If they are overweight, how can we approach it?

There are two main drivers – reduced calorie intake and increased calorie expenditure. In other words, eat less, do more!

Eating fewer calories is really important, and there are a number of ways we can do this:

  • Measure out food rather than feeding ad-lib or giving extra.
  • Minimise treats (and ideally, take them out of the food ration for the day).
  • Feed a low-calorie “weight loss”, “reduction” or “metabolic” diet – these are formulated to have low calorie counts, but to feel filling, so the pet doesn’t feel like you’re starving them.

The goal is a weight loss of about 1% per week – much faster and you can risk causing liver problems.

For many years, we have assumed that “dieting” side was far more important – it is very hard, for example, to get an animal to lose weight just by increasing their exercise levels. However, we now know that many of the health risks of obesity are still present in apparently skinny but unfit animals (a phenomenon known as “skinny fat” or “sarcopenic obesity” – see the Vet Record article above). As a result, we now believe that both dietary control and increased exercise are vitally important…

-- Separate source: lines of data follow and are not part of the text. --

(* There exists a test.
   Context: Let $\varphi:\omega\to\omega^2$ be the bijection with inverse $\langle n,p\rangle:=\varphi^{-1}(n,p)=\left(\sum_{k\leq n+p}k\right)+p$, and write $\varphi(q)=((q)_0,(q)_1)$. A set $E\subseteq\bigcup_{q\in\omega}2^q\times 2^q$ is a test if: (a) for each $q\in\omega$ there is a unique $(s_q,t_q)\in E\cap(2^q\times 2^q)$; (b) for all $m,p\in\omega$ and $u\in 2^{<\omega}$ there is $v\in 2^{<\omega}$ with $(s_p0uv,t_p1uv)\in E$ and $(|t_p1uv|-1)_0=m$; (c) for each $n>0$ there are $q<n$ and $w\in 2^{<\omega}$ with $s_n=s_q0w$ and $t_n=t_q1w$. (Juxtaposition denotes concatenation of finite binary sequences.) *)

From mathcomp Require Import all_boot.
Set Implicit Arguments. Unset Strict Implicit. Unset Printing Implicit Defensive.

(* Finite binary sequences 2^{<omega} are represented as [seq bool];
   0 is [false], 1 is [true]; juxtaposition is [++]. *)

(* The pairing <n,p> = (sum_{k <= n+p} k) + p, i.e. phi^{-1}. *)
Definition cpair (n p : nat) : nat := (\sum_(0 <= k < (n + p).+1) k) + p.

(* (q)_0 = m  iff  phi(q) = (m, p) for some p, i.e. q = <m,p> for some p. *)
Definition phi0_is (q m : nat) : Prop := exists p, cpair m p = q.

Definition test (E : seq bool * seq bool -> Prop) : Prop :=
  (forall s t, E (s, t) -> size s = size t) /\
  (forall q, exists s t, [/\ E (s, t), size s = q, size t = q &
       forall s' t', E (s', t') -> size s' = q -> size t' = q -> s' = s /\ t' = t]) /\
  (forall (m p : nat) (u : seq bool) sp tp,
      E (sp, tp) -> size sp = p -> size tp = p ->
      exists v : seq bool,
        E (sp ++ false :: u ++ v, tp ++ true :: u ++ v) /\
        phi0_is (size (tp ++ true :: u ++ v) - 1) m) /\
  (forall (n : nat) sn tn, 0 < n -> E (sn, tn) -> size sn = n -> size tn = n ->
      exists (q : nat) (w : seq bool) sq tq,
        [/\ q < n, E (sq, tq), size sq = q, size tq = q &
            (sn = sq ++ false :: w /\ tn = tq ++ true :: w)]).

From mathcomp Require Import all_boot.
From Stdlib Require Import ClassicalEpsilon.
From mathcomp Require Import zify.
Set Implicit Arguments. Unset Strict Implicit. Unset Printing Implicit Defensive.

(* The test is built by recursion on the length: (s_0, t_0) is empty, and
   (s_n, t_n) = (s_q 0 w, t_q 1 w) for a pair (q, w) read off the code of n - 1.
   Writing n - 1 = <m, k>, the number k encodes a "request" (p, u); it is
   served (q = p and w = u padded with zeros up to length n) whenever
   p + |u| < n.  Each request has a code k >= p + |u|, so for every m it is
   served at the index n = <m, k> + 1, which gives (b) with (n - 1)_0 = m;
   (c) holds by construction. *)

Definition tri (s : nat) : nat := \sum_(0 <= k < s.+1) k.

Lemma triS s : tri s.+1 = tri s + s.+1.
Proof. by rewrite /tri big_nat_recr. Qed.

Lemma tri_ltn s s' : s < s' -> tri s + s < tri s'.
Proof.
elim: s' => // s' IH; rewrite ltnS leq_eqVlt => /orP [/eqP -> | lt_ss'].
  by rewrite triS ltn_add2l.
by rewrite triS; apply: leq_trans (IH lt_ss') (leq_addr _ _).
Qed.

Lemma cpairE m p : cpair m p = tri (m + p) + p.
Proof. by []. Qed.

Lemma cpair_inj m p m' p' : cpair m p = cpair m' p' -> (m, p) = (m', p').
Proof.
rewrite !cpairE => eq_c.
have [lt_s | gt_s | eq_s] := ltngtP (m + p) (m' + p').
- by have := tri_ltn lt_s; lia.
- by have := tri_ltn gt_s; lia.
- by move: eq_c; rewrite eq_s => /addnI eq_p; move: eq_s; rewrite eq_p => /addIn ->.
Qed.

Lemma leq_cpair m p : p <= cpair m p.
Proof. by rewrite cpairE leq_addl. Qed.

Definition cunpair (n : nat) : nat * nat :=
  epsilon (inhabits (0, 0)) (fun mp => cpair mp.1 mp.2 = n).

Lemma cpairK m p : cunpair (cpair m p) = (m, p).
Proof.
have := epsilon_spec (inhabits (0, 0)) (fun mp => cpair mp.1 mp.2 = cpair m p).
rewrite -/(cunpair _) => /(_ (ex_intro _ (m, p) erefl)).
by case: (cunpair _) => m' p' /= /cpair_inj.
Qed.

Definition request_code (p : nat) (u : seq bool) : nat :=
  cpair (pickle (p, u)) (p + size u).

Definition request (k : nat) : option (nat * seq bool) :=
  unpickle (cunpair k).1.

Lemma request_codeK p u : request (request_code p u) = Some (p, u).
Proof. by rewrite /request cpairK pickleK. Qed.

Definition pad (n p : nat) (u : seq bool) : seq bool :=
  nseq (n - p - size u - 1) false.

Definition branch (n : nat) : nat * seq bool :=
  match request (cunpair n.-1).2 with
  | Some (p, u) => if p + size u < n then (p, u ++ pad n p u) else (n.-1, [::])
  | None => (n.-1, [::])
  end.

Lemma branch_spec n : 0 < n -> (branch n).1 < n /\ size (branch n).2 = n - (branch n).1 - 1.
Proof.
move=> n_gt0; rewrite /branch; case: (request _) => [[p u]|] /=; last by lia.
case: ifP => [lt_pu | _] /=; last by lia.
by rewrite size_cat size_nseq; lia.
Qed.

Lemma branch_request m p u :
  branch (cpair m (request_code p u)).+1 = (p, u ++ pad (cpair m (request_code p u)).+1 p u).
Proof.
rewrite /branch /= cpairK /= request_codeK ltnS.
by rewrite (leq_trans (leq_cpair _ _) (leq_cpair _ _)).
Qed.

Definition extend (q : nat) (w : seq bool) (h : seq (seq bool * seq bool)) :=
  ((nth ([::], [::]) h q).1 ++ false :: w, (nth ([::], [::]) h q).2 ++ true :: w).

Fixpoint st_upto (n : nat) : seq (seq bool * seq bool) :=
  if n is n'.+1 then rcons (st_upto n') (extend (branch n).1 (branch n).2 (st_upto n'))
  else [:: ([::], [::])].

Definition st (n : nat) : seq bool * seq bool := nth ([::], [::]) (st_upto n) n.

Lemma size_st_upto n : size (st_upto n) = n.+1.
Proof. by elim: n => //= n IH; rewrite size_rcons IH. Qed.

Lemma nth_st_upto n i : i <= n -> nth ([::], [::]) (st_upto n) i = st i.
Proof.
elim: n => [|n IH]; first by rewrite leqn0 => /eqP ->.
rewrite leq_eqVlt => /orP [/eqP -> // | lt_in].
by rewrite /= nth_rcons size_st_upto lt_in IH.
Qed.

Lemma stE n : 0 < n ->
  st n = ((st (branch n).1).1 ++ false :: (branch n).2,
          (st (branch n).1).2 ++ true :: (branch n).2).
Proof.
case: n => // n _; have [lt_qn _] := branch_spec (ltn0Sn n).
by rewrite /st /= nth_rcons size_st_upto ltnn eqxx /extend nth_st_upto.
Qed.

Lemma size_st n : size (st n).1 = n /\ size (st n).2 = n.
Proof.
elim/ltn_ind: n => -[// | n] IH.
have [lt_qn size_w] := branch_spec (ltn0Sn n).
rewrite stE // /= !size_cat /= size_w.
by have [-> ->] := IH _ lt_qn; lia.
Qed.

Definition E (st_pair : seq bool * seq bool) : Prop := exists n, st_pair = st n.

Lemma E_size s t : E (s, t) -> size s = size t.
Proof. by move=> [n eq_st]; have := size_st n; rewrite -eq_st => -[-> ->]. Qed.

Lemma E_st s t n : E (s, t) -> size s = n -> (s, t) = st n.
Proof. by move=> [n' eq_st]; have := size_st n'; rewrite -eq_st /= => -[-> _] <-. Qed.

Lemma E_unique q : exists s t, [/\ E (s, t), size s = q, size t = q &
  forall s' t', E (s', t') -> size s' = q -> size t' = q -> s' = s /\ t' = t].
Proof.
have [size_s size_t] := size_st q.
exists (st q).1, (st q).2; split => //; first by exists q; case: (st q).
by move=> s' t' E_st' size_s' _; rewrite -(E_st E_st' size_s').
Qed.

Lemma E_extends m p u sp tp : E (sp, tp) -> size sp = p -> size tp = p ->
  exists v, E (sp ++ false :: u ++ v, tp ++ true :: u ++ v) /\
            phi0_is (size (tp ++ true :: u ++ v) - 1) m.
Proof.
move=> E_sp size_sp _; set k := request_code p u; set n := (cpair m k).+1.
have st_n : st n = (sp ++ false :: u ++ pad n p u, tp ++ true :: u ++ pad n p u).
  by rewrite stE // branch_request /= -(E_st E_sp size_sp).
exists (pad n p u); split; first by exists n.
by have [_] := size_st n; rewrite st_n /= => ->; exists k; rewrite subn1.
Qed.

Lemma E_parent n sn tn : 0 < n -> E (sn, tn) -> size sn = n -> size tn = n ->
  exists q w sq tq, [/\ q < n, E (sq, tq), size sq = q, size tq = q &
                        sn = sq ++ false :: w /\ tn = tq ++ true :: w].
Proof.
move=> n_gt0 E_sn size_sn _; have [lt_qn _] := branch_spec n_gt0.
have [size_sq size_tq] := size_st (branch n).1.
exists (branch n).1, (branch n).2, (st (branch n).1).1, (st (branch n).1).2.
split=> //; first by exists (branch n).1; case: (st _).
by move: (E_st E_sn size_sn); rewrite stE // => -[-> ->].
Qed.

Theorem lemma3p3 : exists E : seq bool * seq bool -> Prop, test E.
Proof.
exists E; split; [exact: E_size | split; [exact: E_unique | split]].
- exact: E_extends.
- exact: E_parent.
Qed.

And that goes for us as well!

So going for a run with your dog, or playing an active pouncing game with your cat, are actually going to be helpful in managing their weight – but also in improving your mental health, and theirs! The vast majority of dogs are either equally happy, or actually prefer, praise and attention to food according to modern research, and so do not need additional treats to make them happy, when spending time with you is just as effective (and healthier!).

 

Where can I get support?

Your vets – many practices run free weight-clinics to help you manage your pet’s weight. In addition, if your pet is in the “obese” category, or is significantly underweight, I’d strongly suggest that you seek veterinary advice to rule out other health issues. However, the majority of pets can be restored to a healthy weight, with better mental health and fitness, by the application of dietary care and a little extra time – and it’ll probably help you hit your 2018 Resolutions as well!

 

Happy New Year to all our readers, and all the best for 2018!